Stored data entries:
_ _ _ _

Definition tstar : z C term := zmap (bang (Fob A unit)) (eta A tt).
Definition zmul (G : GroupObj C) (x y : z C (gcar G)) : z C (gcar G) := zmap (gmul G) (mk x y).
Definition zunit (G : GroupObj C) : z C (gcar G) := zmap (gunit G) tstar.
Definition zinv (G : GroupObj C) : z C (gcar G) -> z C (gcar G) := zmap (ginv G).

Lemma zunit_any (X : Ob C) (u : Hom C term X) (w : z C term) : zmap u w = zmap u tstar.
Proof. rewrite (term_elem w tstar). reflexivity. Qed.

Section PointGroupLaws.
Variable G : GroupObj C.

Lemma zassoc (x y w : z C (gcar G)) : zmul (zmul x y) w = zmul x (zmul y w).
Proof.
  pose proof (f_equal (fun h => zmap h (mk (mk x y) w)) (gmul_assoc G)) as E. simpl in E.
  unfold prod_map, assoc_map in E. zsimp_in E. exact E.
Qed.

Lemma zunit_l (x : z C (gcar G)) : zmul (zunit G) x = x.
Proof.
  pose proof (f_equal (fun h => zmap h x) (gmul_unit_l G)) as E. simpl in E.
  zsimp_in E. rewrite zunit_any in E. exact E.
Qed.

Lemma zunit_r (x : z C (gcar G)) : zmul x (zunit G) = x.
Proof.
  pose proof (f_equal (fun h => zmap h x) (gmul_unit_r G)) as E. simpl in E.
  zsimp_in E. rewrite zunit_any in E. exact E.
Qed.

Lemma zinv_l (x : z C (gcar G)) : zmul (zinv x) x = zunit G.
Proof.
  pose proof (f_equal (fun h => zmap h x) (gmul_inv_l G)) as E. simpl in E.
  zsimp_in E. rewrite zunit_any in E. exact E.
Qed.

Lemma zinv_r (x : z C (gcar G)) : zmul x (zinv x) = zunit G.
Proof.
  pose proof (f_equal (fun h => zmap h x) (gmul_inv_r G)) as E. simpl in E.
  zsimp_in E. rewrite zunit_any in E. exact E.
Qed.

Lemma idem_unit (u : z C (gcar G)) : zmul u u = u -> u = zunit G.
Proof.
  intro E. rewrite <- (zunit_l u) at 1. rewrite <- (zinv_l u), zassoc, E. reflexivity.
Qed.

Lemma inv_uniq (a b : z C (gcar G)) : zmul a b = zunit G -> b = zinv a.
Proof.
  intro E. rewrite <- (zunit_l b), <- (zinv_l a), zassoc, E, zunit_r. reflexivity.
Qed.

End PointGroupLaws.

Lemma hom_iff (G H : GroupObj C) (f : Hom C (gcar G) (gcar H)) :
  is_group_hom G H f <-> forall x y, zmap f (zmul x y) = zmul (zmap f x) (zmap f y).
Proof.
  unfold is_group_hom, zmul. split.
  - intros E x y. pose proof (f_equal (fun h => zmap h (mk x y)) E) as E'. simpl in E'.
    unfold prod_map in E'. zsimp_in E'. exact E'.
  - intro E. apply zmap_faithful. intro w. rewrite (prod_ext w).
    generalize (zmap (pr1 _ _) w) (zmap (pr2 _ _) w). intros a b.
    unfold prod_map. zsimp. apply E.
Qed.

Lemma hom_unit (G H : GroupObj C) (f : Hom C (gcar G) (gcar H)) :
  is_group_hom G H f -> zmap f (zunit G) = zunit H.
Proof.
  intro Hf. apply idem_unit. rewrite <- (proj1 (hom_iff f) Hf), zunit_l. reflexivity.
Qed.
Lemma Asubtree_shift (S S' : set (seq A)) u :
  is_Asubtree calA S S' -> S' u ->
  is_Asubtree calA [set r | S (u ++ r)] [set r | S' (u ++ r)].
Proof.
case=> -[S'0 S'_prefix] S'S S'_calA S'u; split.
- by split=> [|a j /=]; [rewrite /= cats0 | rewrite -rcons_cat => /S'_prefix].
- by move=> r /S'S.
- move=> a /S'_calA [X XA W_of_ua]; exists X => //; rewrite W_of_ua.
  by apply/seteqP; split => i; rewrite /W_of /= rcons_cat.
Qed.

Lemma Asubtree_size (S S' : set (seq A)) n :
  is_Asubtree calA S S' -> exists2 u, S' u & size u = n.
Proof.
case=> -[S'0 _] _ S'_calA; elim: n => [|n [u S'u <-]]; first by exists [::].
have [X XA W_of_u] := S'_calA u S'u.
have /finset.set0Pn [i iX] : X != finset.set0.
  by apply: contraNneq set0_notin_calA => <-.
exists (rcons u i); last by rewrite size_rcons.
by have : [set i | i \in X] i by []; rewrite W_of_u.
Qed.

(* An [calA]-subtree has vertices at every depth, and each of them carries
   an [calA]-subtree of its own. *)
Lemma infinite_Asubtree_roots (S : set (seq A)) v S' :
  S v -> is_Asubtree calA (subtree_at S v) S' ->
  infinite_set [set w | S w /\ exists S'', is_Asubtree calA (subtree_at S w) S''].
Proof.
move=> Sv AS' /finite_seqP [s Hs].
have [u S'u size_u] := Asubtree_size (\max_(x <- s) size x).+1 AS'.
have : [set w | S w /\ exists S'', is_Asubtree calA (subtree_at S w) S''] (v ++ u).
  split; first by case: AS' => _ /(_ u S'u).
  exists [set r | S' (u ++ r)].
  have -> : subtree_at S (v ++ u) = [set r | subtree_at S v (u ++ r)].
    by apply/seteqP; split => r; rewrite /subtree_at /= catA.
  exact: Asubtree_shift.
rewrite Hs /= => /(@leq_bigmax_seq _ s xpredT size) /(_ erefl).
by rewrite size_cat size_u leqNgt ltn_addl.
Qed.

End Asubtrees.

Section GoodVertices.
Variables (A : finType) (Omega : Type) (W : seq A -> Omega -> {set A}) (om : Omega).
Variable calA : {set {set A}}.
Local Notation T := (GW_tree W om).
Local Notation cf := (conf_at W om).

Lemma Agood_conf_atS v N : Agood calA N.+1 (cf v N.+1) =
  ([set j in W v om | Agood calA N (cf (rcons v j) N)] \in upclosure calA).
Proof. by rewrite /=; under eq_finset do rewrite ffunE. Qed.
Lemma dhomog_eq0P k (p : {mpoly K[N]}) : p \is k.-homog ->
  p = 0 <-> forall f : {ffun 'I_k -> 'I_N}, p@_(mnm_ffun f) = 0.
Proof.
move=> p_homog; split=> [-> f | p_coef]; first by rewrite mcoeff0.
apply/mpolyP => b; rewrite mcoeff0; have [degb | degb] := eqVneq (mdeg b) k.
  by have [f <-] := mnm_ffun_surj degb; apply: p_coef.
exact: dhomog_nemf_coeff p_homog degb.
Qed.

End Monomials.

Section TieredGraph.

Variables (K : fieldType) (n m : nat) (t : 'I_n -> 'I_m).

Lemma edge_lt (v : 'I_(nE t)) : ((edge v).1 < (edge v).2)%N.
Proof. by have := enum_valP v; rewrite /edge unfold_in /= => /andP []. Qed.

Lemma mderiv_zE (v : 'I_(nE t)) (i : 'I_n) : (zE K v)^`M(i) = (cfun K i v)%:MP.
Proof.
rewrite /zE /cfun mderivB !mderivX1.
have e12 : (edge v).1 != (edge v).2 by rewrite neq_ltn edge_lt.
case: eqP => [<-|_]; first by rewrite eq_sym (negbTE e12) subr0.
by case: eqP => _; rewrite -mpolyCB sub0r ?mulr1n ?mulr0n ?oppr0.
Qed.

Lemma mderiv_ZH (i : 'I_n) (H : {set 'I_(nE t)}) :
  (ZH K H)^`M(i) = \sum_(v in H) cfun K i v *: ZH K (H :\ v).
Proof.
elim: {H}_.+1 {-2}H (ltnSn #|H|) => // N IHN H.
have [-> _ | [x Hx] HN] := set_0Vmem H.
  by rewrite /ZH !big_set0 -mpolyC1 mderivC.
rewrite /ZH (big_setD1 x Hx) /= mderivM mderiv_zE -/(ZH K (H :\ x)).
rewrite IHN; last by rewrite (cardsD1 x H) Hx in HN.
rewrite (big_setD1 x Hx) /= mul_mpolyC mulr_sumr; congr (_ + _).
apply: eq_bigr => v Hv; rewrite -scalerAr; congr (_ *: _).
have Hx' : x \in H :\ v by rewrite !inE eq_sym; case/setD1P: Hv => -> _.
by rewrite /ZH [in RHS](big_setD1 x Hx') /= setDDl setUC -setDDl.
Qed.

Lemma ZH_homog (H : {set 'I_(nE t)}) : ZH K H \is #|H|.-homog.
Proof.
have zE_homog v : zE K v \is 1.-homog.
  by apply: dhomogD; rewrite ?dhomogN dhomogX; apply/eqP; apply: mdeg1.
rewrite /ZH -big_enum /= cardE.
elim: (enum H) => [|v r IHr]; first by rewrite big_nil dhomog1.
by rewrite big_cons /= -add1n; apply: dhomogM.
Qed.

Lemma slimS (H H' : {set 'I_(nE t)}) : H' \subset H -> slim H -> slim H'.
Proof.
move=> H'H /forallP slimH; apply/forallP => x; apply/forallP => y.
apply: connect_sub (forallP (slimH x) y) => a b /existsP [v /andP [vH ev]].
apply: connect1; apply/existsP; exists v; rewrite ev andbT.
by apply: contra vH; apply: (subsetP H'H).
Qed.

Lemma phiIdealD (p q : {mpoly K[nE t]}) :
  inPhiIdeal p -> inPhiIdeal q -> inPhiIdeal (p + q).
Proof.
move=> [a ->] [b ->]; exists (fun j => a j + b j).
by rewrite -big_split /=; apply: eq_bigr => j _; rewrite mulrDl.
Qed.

_ _ _ _

**THE PROBLEM**
Begin at the line that has "Lemma edge_lt (v" in the entries above; stop after the line that has "rewrite (big_setD1 x". Transcribe exactly those lines and no others.

**EXERCISE RESULT**
Lemma edge_lt (v : 'I_(nE t)) : ((edge v).1 < (edge v).2)%N.
Proof. by have := enum_valP v; rewrite /edge unfold_in /= => /andP []. Qed.

Lemma mderiv_zE (v : 'I_(nE t)) (i : 'I_n) : (zE K v)^`M(i) = (cfun K i v)%:MP.
Proof.
rewrite /zE /cfun mderivB !mderivX1.
have e12 : (edge v).1 != (edge v).2 by rewrite neq_ltn edge_lt.
case: eqP => [<-|_]; first by rewrite eq_sym (negbTE e12) subr0.
by case: eqP => _; rewrite -mpolyCB sub0r ?mulr1n ?mulr0n ?oppr0.
Qed.

Lemma mderiv_ZH (i : 'I_n) (H : {set 'I_(nE t)}) :
  (ZH K H)^`M(i) = \sum_(v in H) cfun K i v *: ZH K (H :\ v).
Proof.
elim: {H}_.+1 {-2}H (ltnSn #|H|) => // N IHN H.
have [-> _ | [x Hx] HN] := set_0Vmem H.
  by rewrite /ZH !big_set0 -mpolyC1 mderivC.
rewrite /ZH (big_setD1 x Hx) /= mderivM mderiv_zE -/(ZH K (H :\ x)).
rewrite IHN; last by rewrite (cardsD1 x H) Hx in HN.
rewrite (big_setD1 x Hx) /= mul_mpolyC mulr_sumr; congr (_ + _).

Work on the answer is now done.